# 1 Hour Blocks



## marioramirez1973 (Oct 9, 2016)

There has been in increase in 1 hour Blocks in my Station lately ( $18+tips ) , 2 and 3 hours blocks dropping have been very rare . I think with the amount of drivers that hang around the station . Not that it's a bad thing , just for me not worth the drive all the way to the station . 

Do many drivers hang around your stations ? 

By the way it's a Prime not logistic station .


----------



## SomeChick82 (Aug 27, 2015)

Yes. Some practically live there, all day every day. Refreshing, refreshing, refreshing. Warehouse workers finally told them to stay in their cars, not to be in the warehouse. So now they just take up the better parking


----------



## Poolepit (May 17, 2016)

Same here. I walk in and can't tell who's logged in and waiting or trying to get a block. I live 2.5 miles from the WH so wish they made them stay outside if you aren't on the clock. They take up a parking space regardless. I don't want them taking up all the chairs and in the way with people rolling carts in and out.


----------



## iyengar (Oct 7, 2016)

What can you do for 1 hour? At our warehouse they use to drop them. They stop doing it. I think because threes never enough time for delivery.


----------



## oicu812 (Aug 29, 2016)

Deliver 1 or 2 important packages that was undelivered the previous attempt.


----------



## marioramirez1973 (Oct 9, 2016)

iyengar said:


> What can you do for 1 hour? At our warehouse they use to drop them. They stop doing it. I think because threes never enough time for delivery.

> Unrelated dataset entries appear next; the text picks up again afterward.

(* Let $K$ be an $n$-dimensional oriented, well-centered, manifold-like simplicial complex with boundary $\partial K$ and circumcentric dual complex, and let $p,q$ be positive integers with $p+q=n+1$. Let $\tilde{\mathcal F}^d_{p,q}=\Omega_d^p(K)\times\Omega_d^q(\star_{\mathrm i}K)\times\Omega_d^{n-p}(\partial(\star K))$ and $\tilde{\mathcal E}^d_{p,q}=\Omega_d^{n-p}(\star_{\mathrm i}K)\times\Omega_d^{n-q}(K)\times\Omega_d^{n-q}(\partial K)$, with the symmetric bilinear form $$\langle\!\langle(f_p^1,\hat f_q^1,\hat f_b^1,\hat e_p^1,e_q^1,e_b^1),(f_p^2,\hat f_q^2,\hat f_b^2,\hat e_p^2,e_q^2,e_b^2)\rangle\!\rangle_{\tilde d}=\langle\hat e_p^1\wedge f_p^2+e_q^1\wedge\hat f_q^2+\hat e_p^2\wedge f_p^1+e_q^2\wedge\hat f_q^1,K\rangle+\langle e_b^1\wedge\hat f_b^2+e_b^2\wedge\hat f_b^1,\partial K\rangle .$$ Define $\tilde{\mathcal D}_d\subset\tilde{\mathcal F}^d_{p,q}\times\tilde{\mathcal E}^d_{p,q}$ as the set of $(f_p,\hat f_q,\hat f_b,\hat e_p,e_q,e_b)$ such that $$f_p=(-1)^{pq+1}\mathbf d e_q,\qquad \hat f_q=\mathbf d_{\mathrm i}\hat e_p+\mathbf d_{\mathrm b}\hat f_b,\qquad e_b=(-1)^p\,e_q|_{\partial K}.$$ Then $\tilde{\mathcal D}_d=\tilde{\mathcal D}_d^{\perp}$ with respect to $\langle\!\langle\cdot,\cdot\rangle\!\rangle_{\tilde d}$, i.e. $\tilde{\mathcal D}_d$ is a Dirac structure.
   Context: Setting. $K$ is an $n$-dimensional manifold-like simplicial complex (every simplex is a face of some $n$-simplex), oriented ($n$-simplices sharing an $(n-1)$-face are coherently oriented, lower-dimensional simplices are individually oriented) and well-centered (every simplex contains its circumcenter in its interior). $\partial K$ is the $(n-1)$-dimensional boundary subcomplex: the $(n-1)$-simplices that are faces of exactly one $n$-simplex, together with all their faces. For simplices $\sigma^{j-1}\prec\sigma^{j}$ let $[\sigma^{j-1}:\sigma^{j}]\in\{\pm1\}$ be the coefficient of $\sigma^{j-1}$ in $\partial[v_0,\dots,v_j]=\sum_i(-1)^i[v_0,\dots,\widehat{v_i},\dots,v_j]$. Dual cells. Each simplex $\sigma^j\in K$ has a circumcentric interior dual $(n-j)$-cell $\star_{\mathrm i}\sigma^j$; each $\tau^j\in\partial K$ has a boundary dual $(n-1-j)$-cell $\star_{\mathrm b}\tau^j$ (its circumcentric dual within $\partial K$). Discrete forms. $\Omega_d^j(K)$ (resp. $\Omega_d^j(\partial K)$): real functions on the $j$-simplices of $K$ (resp. $\partial K$); $\Omega_d^m(\star_{\mathrm i}K)$: real functions on interior dual $m$-cells $\star_{\mathrm i}\sigma^{n-m}$; $\Omega_d^m(\partial(\star K))$: real functions on boundary dual $m$-cells $\star_{\mathrm b}\tau^{n-1-m}$, $\tau\in\partial K$. For primal $\alpha$, $\alpha|_{\partial K}$ is its restriction to simplices of $\partial K$. Derivatives. Primal: $(\mathbf d\alpha)(\sigma^{j})=\sum_{\sigma^{j-1}\prec\sigma^{j}}[\sigma^{j-1}:\sigma^{j}]\alpha(\sigma^{j-1})$. Dual: for $\hat\beta_{\mathrm i}\in\Omega_d^{m}(\star_{\mathrm i}K)$, $\hat\beta_{\mathrm b}\in\Omega_d^{m}(\partial(\star K))$, $m\le n-1$, with $j=n-m$: $(\mathbf d_{\mathrm i}\hat\beta_{\mathrm i})(\star_{\mathrm i}\sigma^{j-1})=(-1)^{j}\sum_{\sigma^{j}\succ\sigma^{j-1}}[\sigma^{j-1}:\sigma^{j}]\hat\beta_{\mathrm i}(\star_{\mathrm i}\sigma^{j})$, and $(\mathbf d_{\mathrm b}\hat\beta_{\mathrm b})(\star_{\mathrm i}\sigma^{j-1})=(-1)^{j-1}\hat\beta_{\mathrm b}(\star_{\mathrm b}\sigma^{j-1})$ if $\sigma^{j-1}\in\partial K$, $0$ otherwise; both lie in $\Omega_d^{m+1}(\star_{\mathrm i}K)$. Wedge pairings (extended bilinearly). For $\alpha\in\Omega_d^j(K)$, $\hat\beta\in\Omega_d^{n-j}(\star_{\mathrm i}K)$: $\langle\alpha\wedge\hat\beta,K\rangle=\sum_{\sigma^j\in K}\alpha(\sigma^j)\hat\beta(\star_{\mathrm i}\sigma^j)$, $\langle\hat\beta\wedge\alpha,K\rangle=(-1)^{j(n-j)}\langle\alpha\wedge\hat\beta,K\rangle$. For $\alpha\in\Omega_d^j(\partial K)$, $\hat\gamma\in\Omega_d^{n-1-j}(\partial(\star K))$: $\langle\alpha\wedge\hat\gamma,\partial K\rangle=\sum_{\tau^j\in\partial K}\alpha(\tau^j)\hat\gamma(\star_{\mathrm b}\tau^j)$, $\langle\hat\gamma\wedge\alpha,\partial K\rangle=(-1)^{j(n-1-j)}\langle\alpha\wedge\hat\gamma,\partial K\rangle$. A Dirac structure is a linear subspace $\mathcal D\subset\mathcal F\times\mathcal E$ with $\mathcal D=\mathcal D^\perp$ for the given symmetric bilinear form. *)

From HB Require Import structures.
From mathcomp Require Import all_boot all_order all_algebra.
From mathcomp Require Import reals.
Set Implicit Arguments. Unset Strict Implicit. Unset Printing Implicit Defensive.
Import Order.TTheory GRing.Theory Num.Theory.
Local Open Scope ring_scope.

Section DEC.
Variables (R : realType) (V : finType).

Definition simp (K : {set {set V}}) (j : nat) : {set {set V}} :=
  [set s in K | #|s| == j.+1]%N.

Definition abstract_complex (K : {set {set V}}) : Prop :=
  (forall s : {set V}, s \in K -> s != set0) /\
  (forall s t : {set V}, s \in K -> t \subset s -> t != set0 -> t \in K).

Definition affine_indep (N : nat) (pos : V -> 'rV[R]_N) (s : {set V}) : Prop :=
  forall c : V -> R, \sum_(v in s) c v = 0 -> \sum_(v in s) c v *: pos v = 0 ->
    forall v, v \in s -> c v = 0.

It's Prime , there is 1 hour Rush Prime packages all the time or 2 o 3 short 2 hour that can be delivered in 1 hour .


----------



## soupergloo (Jul 24, 2015)

i've also seen an increase in 1-hour blocks .. i'd never consider doing it; you can either complete 1-2 hot wheels orders, or one 1-hour delivery from the warehouse max here.

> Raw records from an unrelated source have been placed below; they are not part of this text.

(* Let $X,Y$ be infinite dimensional Banach lattices which are relatively $s$-decomposable for some $1\le s\le\infty$, and suppose $\ell_p$ is finitely lattice representable in $Y_U$ for some $p\le s$. Then for every $q\in[1,\infty]$ with $1/p\ge1/q+1/s$, $X$ satisfies a lower $q$-estimate and $M_{[q]}(X)\le D_s(X,Y)$.
   Context: Banach lattices are real; disjoint means $|x|\wedge|y|=0$. $X,Y$ are relatively $s$-decomposable if there is $D$ with $\|\sum_{i=1}^n y_i\|_Y\le D(\sum_i(\|y_i\|_Y/\|x_i\|_X)^s)^{1/s}\|\sum_{i=1}^n x_i\|_X$ for all $n$ and all pairwise disjoint nonzero $x_i\in X$, pairwise disjoint nonzero $y_i\in Y$; $D_s(X,Y)$ is the infimum of such $D$. Lower $q$-estimate: $(\sum\|x_i\|^q)^{1/q}\le M\|\sum x_i\|$ for all finite families of pairwise disjoint elements; $M_{[q]}(X)$ is the infimum of such $M$. $\ell_p$ is finitely lattice representable in a Banach lattice $Z$ if for every $n$ and $\varepsilon>0$ there are pairwise disjoint $z_1,\dots,z_n\in Z$ with $\|a\|_{\ell_p^n}\le\|\sum a_iz_i\|_Z\le(1+\varepsilon)\|a\|_{\ell_p^n}$ for all $a\in\mathbb R^n$. $\mathfrak B_n(Y)$ is the set of $n$-tuples of pairwise disjoint norm-one elements of $Y$; $\|a\|_{Y_U(n)}:=\sup\{\|\sum_{i=1}^n a_iy_i\|_Y:(y_i)\in\mathfrak B_n(Y)\}$ for $a\in\mathbb R^n$, and $Y_U$ is the Banach lattice (coordinate-wise order) of real sequences with $\|a\|_{Y_U}:=\sup_n\|(a_i)_{i=1}^n\|_{Y_U(n)}<\infty$. *)

From HB Require Import structures.
From mathcomp Require Import all_boot all_order all_algebra.
From mathcomp Require Import all_classical all_reals all_analysis.
Set Implicit Arguments. Unset Strict Implicit. Unset Printing Implicit Defensive.
Import Order.TTheory GRing.Theory Num.Theory.
Import numFieldNormedType.Exports.
Local Open Scope classical_set_scope.
Local Open Scope ring_scope.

we also have drivers without blocks just hanging out at the warehouse refreshing hoping to get something .. some drive 2+ hours away without a block hoping to get something by the time they get here


----------



## WMUber (Mar 22, 2016)

It seams at my (PrimeNow) warehouse, the one-hour blocks are released so the drivers who worked a three-hour block can round up to an even number (i.e. 3 to 4 or 7 to 8). This also helps the warehouse if they have a need for two-hour routes but have a surplus of one-hour divers on site.


----------



## Basmati (Sep 14, 2014)

I drop the one hour blocks whenever I accidentally pick them up. I think it is absolutely ridiculous for them to be releasing 1 hour blocks. Not worth the drive to the warehouse, then the drive to the drop off all for about $21. It would be about 90 minutes total drive time, with tolls, and a ton of miles on the vehicle. In the end, for me at least, it would result in barely any profit after expenses.


----------



## Keyser Söze (Jun 25, 2015)

Agree, 1 hours generally not worth it. But They drop the 1 hours because they will eventually get picked up by people in the parking lot or by someone already on a route who is looking to work some more.

That's the only time I've ever kept a 1-hour block. I had a Saturday morning once where I had a 2 hour block and ended up adding 4 separate 1-hour blocks, all strung together. Wasn't bad at all. Each time they dropped them right on the 1/2 hour. And each of the routes was close to the FC. But yeah. Unless you live a few minutes away or are already at the FC or on a route, waste of time and gas.


----------



## LLXC (Nov 22, 2016)

I have started seeing 1 hour restaurant blocks recently.


----------